Forrester Research and Shop.org, a division of the National Retail Federation, surveyed 71 mostly large retailers to learn about their online efforts. More than half of survey respondents said mobile is their top priority, followed by omnichannel and marketing optimization.

Mobile is a good place to focus, considering that 28 percent of sales now flow through mobile devices, mostly smartphones. In fact, sales via smartphones grew an average 87 percent in 2014 from the year prior. Sales via tablets grew less quickly yet still impressive at 52 percent.

Making Money From Mobile

With mobile, retailers are targeting responsive design and mobile site optimization. The goal is to ensure marketing content is displayed effectively on smartphones and tablets. Retailers say the features and functions of a mobile website that matter most are the capability to locate stores, place orders, receive special emails, identify where products are sold, read product or store reviews, redeem coupons, among other capabilities.

What's missing in a retailer's mobile plans Try branded mobile apps. Retailers are still developing branded mobile apps but not with the same fervor of yesteryear. Sure, some apps such as Starbucks have been blockbusters, but the majority are duds. A little more than half of retailers said apps are not a key component of their mobile strategy to consumers.

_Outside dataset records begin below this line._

(* Let $X,Y$ be real Hilbert spaces, $A\colon X\to Y$ compact linear with $\|A\|=1$, let $X_N\subset X$ be a linear subspace of dimension $N$, and $A_N=A|_{X_N}$. Let $\rho>0$, $C>0$, and assume: (i) $x^\dagger=A^\ast z\in X_N$ for some $z\in\operatorname{range}(A_N)$ with $\|z\|\le\rho$; (ii) for all $0<\alpha\le1$, the operator norm of $(\alpha I+A^\ast A)^{-1}A^\ast$ restricted to $\operatorname{range}(A_N)$ (as a map $\operatorname{range}(A_N)\to X$) is at most $CN$. Let $y^\dagger=Ax^\dagger$, $\delta\ge0$, and $y^\delta\in Y$ with $\|y^\delta-y^\dagger\|\le\delta$. Then for every $0<\alpha\le1$, $$\|T_\alpha y^\delta-x^\dagger\|\le\frac{\delta}{2\sqrt\alpha}+\begin{cases}\frac{\sqrt\alpha}{2}\rho&\text{if } \frac{1}{2CN}<\sqrt\alpha\le1,\\[1mm] \alpha CN\rho&\text{if }\sqrt\alpha\le\frac{1}{2CN}.\end{cases}$$
   Context: $A^\ast$ denotes the adjoint of $A$ and $T_\alpha y=(A^\ast A+\alpha I)^{-1}A^\ast y$ is Tikhonov regularization with parameter $\alpha>0$. *)

From HB Require Import structures.
From Stdlib Require Import ClassicalEpsilon.
From mathcomp Require Import all_boot all_order all_algebra.
From mathcomp Require Import classical_sets reals.
Set Implicit Arguments. Unset Strict Implicit. Unset Printing Implicit Defensive.
Import Order.TTheory GRing.Theory Num.Theory.
Local Open Scope ring_scope.
Local Open Scope classical_set_scope.

Section Hilbert.
Variable R : realType.

Definition ipnorm (V : lmodType R) (ip : V -> V -> R) (x : V) : R :=
  Num.sqrt (ip x x).

Definition is_inner_product (V : lmodType R) (ip : V -> V -> R) : Prop :=
  [/\ (forall x y, ip x y = ip y x),
      (forall (a : R) x y z, ip (a *: x + y) z = a * ip x z + ip y z)
    & (forall x, x != 0 -> 0 < ip x x)].

Definition ip_complete (V : lmodType R) (ip : V -> V -> R) : Prop :=
  forall u : nat -> V,
    (forall e : R, 0 < e -> exists n0 : nat, forall m n : nat,
        (n0 <= m)%N -> (n0 <= n)%N -> ipnorm ip (u m - u n) < e) ->
    exists l : V, forall e : R, 0 < e -> exists n0 : nat, forall n : nat,
        (n0 <= n)%N -> ipnorm ip (u n - l) < e.

Definition is_hilbert (V : lmodType R) (ip : V -> V -> R) : Prop :=
  is_inner_product ip /\ ip_complete ip.

Section Ops.
Variables (X Y : lmodType R) (ipX : X -> X -> R) (ipY : Y -> Y -> R).

Definition opnorm_on (S : set Y) (f : Y -> X) : R :=
  sup [set r : R | exists z, [/\ S z, ipnorm ipY z <= 1 & r = ipnorm ipX (f z)]].

Definition opnorm (A : X -> Y) : R :=
  sup [set r : R | exists x, ipnorm ipX x <= 1 /\ r = ipnorm ipY (A x)].

Definition is_adjoint (A : X -> Y) (Astar : Y -> X) : Prop :=
  forall x y, ipY (A x) y = ipX x (Astar y).

(* compact operator: every bounded sequence is mapped to a sequence having a
   Cauchy (hence, Y being complete, convergent) subsequence, i.e. A maps bounded
   sets to relatively compact sets *)
Definition compact_op (A : X -> Y) : Prop :=
  forall u : nat -> X, (exists M : R, forall n, ipnorm ipX (u n) <= M) ->
  exists phi : nat -> nat, (forall n, (phi n < phi n.+1)%N) /\
    (forall e : R, 0 < e -> exists n0 : nat, forall m n : nat,
        (n0 <= m)%N -> (n0 <= n)%N -> ipnorm ipY (A (u (phi m)) - A (u (phi n))) < e).

Definition subspace_dim (XN : set X) (N : nat) : Prop :=
  exists b : 'I_N -> X,
    (forall c : 'I_N -> R, \sum_(i < N) c i *: b i = 0 -> forall i, c i = 0) /\
    XN = [set x | exists c : 'I_N -> R, x = \sum_(i < N) c i *: b i].

Definition tikhonov (A : X -> Y) (Astar : Y -> X) (alpha : R) (y : Y) : X :=
  epsilon (inhabits (0 : X)) (fun x => Astar (A x) + alpha *: x = Astar y).

End Ops.
End Hilbert.

From HB Require Import structures.
From Stdlib Require Import ClassicalEpsilon.
From mathcomp Require Import all_boot all_order all_algebra.
From mathcomp Require Import boolp classical_sets reals.
From mathcomp Require Import ring lra.
Set Implicit Arguments. Unset Strict Implicit.
Import Order.TTheory GRing.Theory Num.Theory.
Local Open Scope ring_scope.
Local Open Scope classical_set_scope.

(* The Tikhonov functional [|A x - y|^2 + alpha |x|^2] attains its infimum: a
   minimising sequence is Cauchy by the parallelogram law, and its limit is a
   minimiser because the functional is continuous.  A minimiser solves the normal
   equation [(A^* A + alpha) x = A^* y], whose solution is unique, so [T_alpha]
   is linear with [|T_alpha w| <= |w| / (2 sqrt alpha)] and
   [T_alpha (A A^* z) = A^* z - alpha T_alpha z].  Writing [x^dag = A^* z] and
   [w = y^delta - A x^dag] gives [T_alpha y^delta - x^dag = T_alpha w - alpha T_alpha z].
   The first term is at most [delta / (2 sqrt alpha)]; the second is bounded both by
   [sqrt alpha rho / 2] (same estimate) and by [alpha C N rho] (hypothesis (ii)), so
   the case split in the statement is immaterial. *)

Section InnerProduct.
Variables (R : realType) (V : lmodType R) (ip : V -> V -> R).
Hypothesis hip : is_inner_product ip.

Lemma ip_sym x y : ip x y = ip y x.
Proof. by case: hip. Qed.

Lemma ip_linear a x y z : ip (a *: x + y) z = a * ip x z + ip y z.
Proof. by case: hip => _ h _; apply: h. Qed.

Lemma ip_gt0 x : x != 0 -> 0 < ip x x.
Proof. by case: hip => _ _; apply. Qed.

Lemma ip0l z : ip 0 z = 0.
Proof. by have := ip_linear 1 0 0 z; rewrite scaler0 addr0 mul1r; lra. Qed.

Lemma ipZl a x z : ip (a *: x) z = a * ip x z.
Proof. by have := ip_linear a x 0 z; rewrite addr0 ip0l addr0. Qed.

Lemma ipDl x y z : ip (x + y) z = ip x z + ip y z.
Proof. by have := ip_linear 1 x y z; rewrite scale1r mul1r. Qed.

Lemma ipZr a x z : ip z (a *: x) = a * ip z x.
Proof. by rewrite ip_sym ipZl ip_sym. Qed.

Lemma ipDr x y z : ip z (x + y) = ip z x + ip z y.
Proof. by rewrite ip_sym ipDl !(ip_sym z). Qed.

Lemma ip_ge0 x : 0 <= ip x x.
Proof. by have [->|/ip_gt0/ltW] := eqVneq x 0; rewrite ?ip0l. Qed.

Lemma ip_eq0 x : ip x x = 0 -> x = 0.
Proof. by have [//|/ip_gt0] := eqVneq x 0; rewrite lt0r => /andP[/eqP]. Qed.

Lemma ip_combination a b x y : ip (a *: x + b *: y) (a *: x + b *: y) =
  a ^+ 2 * ip x x + 2 * a * b * ip x y + b ^+ 2 * ip y y.
Proof. by rewrite !ipDl !ipDr !ipZl !ipZr (ip_sym y x); ring. Qed.

Lemma ipD x y : ip (x + y) (x + y) = ip x x + 2 * ip x y + ip y y.
Proof. by have := ip_combination 1 1 x y; rewrite !scale1r => ->; ring. Qed.

Lemma cauchy_schwarz x y : ip x y ^+ 2 <= ip x x * ip y y.
Proof.
have [->|/ip_gt0 px] := eqVneq x 0; first by rewrite !ip0l expr0n mul0r.
(* expand [0 <= |c x - a y|^2] with [a = <x,x>], [c = <x,y>] *)
have := ip_ge0 (ip x y *: x + (- ip x x) *: y); rewrite ip_combination.
have -> : ip x y ^+ 2 * ip x x + 2 * ip x y * - ip x x * ip x y
          + (- ip x x) ^+ 2 * ip y y = ip x x * (ip x x * ip y y - ip x y ^+ 2).
  by ring.
by rewrite pmulr_rge0 // subr_ge0.
Qed.

Lemma ipnorm_ge0 x : 0 <= ipnorm ip x.
Proof. exact: sqrtr_ge0. Qed.

Lemma ipnorm0 : ipnorm ip 0 = 0.
Proof. by rewrite /ipnorm ip0l sqrtr0. Qed.

Lemma ipnorm_sq x : ipnorm ip x ^+ 2 = ip x x.
Proof. by rewrite sqr_sqrtr ?ip_ge0. Qed.

Lemma ip_le_ipnorm x y : ip x y <= ipnorm ip x * ipnorm ip y.
Proof.
rewrite -sqrtrM ?ip_ge0 // (le_trans (ler_norm _)) //.
by rewrite -sqrtr_sqr ler_sqrt ?cauchy_schwarz // mulr_ge0 ?ip_ge0.
Qed.

Lemma ipnormD x y : ipnorm ip (x + y) <= ipnorm ip x + ipnorm ip y.
Proof.
have := ip_le_ipnorm x y; have := ipnorm_sq x; have := ipnorm_sq y.
rewrite -(ger0_norm (addr_ge0 (ipnorm_ge0 x) (ipnorm_ge0 y))) -sqrtr_sqr.
by rewrite /ipnorm ler_sqrt ?sqr_ge0 // ipD sqrrD; lra.
Qed.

With so much riding on mobile, you'd think marketers would be opening up their wallets. But this just isn't the case. Retailers in the survey reported an average 3.1 full-time employees dedicated to mobile development. While some retailers poured seven-figure-dollar amounts into smartphone projects, half of the retailers said they invested less than $250,000. Nearly one out of three retailers spent less than $100,000.

While the majority of retailers plan to increase their mobile budgets by at least 20 percent this year, the lack of investment dollars to date is somewhat surprising. On the other hand, there's no question that foregoing proprietary app development in lieu of mobile website optimization saves a boatload of money. In-house mobile app development and app-install campaigns targeted at fickle consumers are costly endeavors.

"One of the best insights in recent years is that solid, elegant mobile experiences that can deliver a double-digit share of sales actually don't need millions of investment dollars," says Forrester analyst Sucharita Mulpuru in the report, The State of Retailing Online 2015: Key Metrics, Initiatives and Mobile Benchmarks.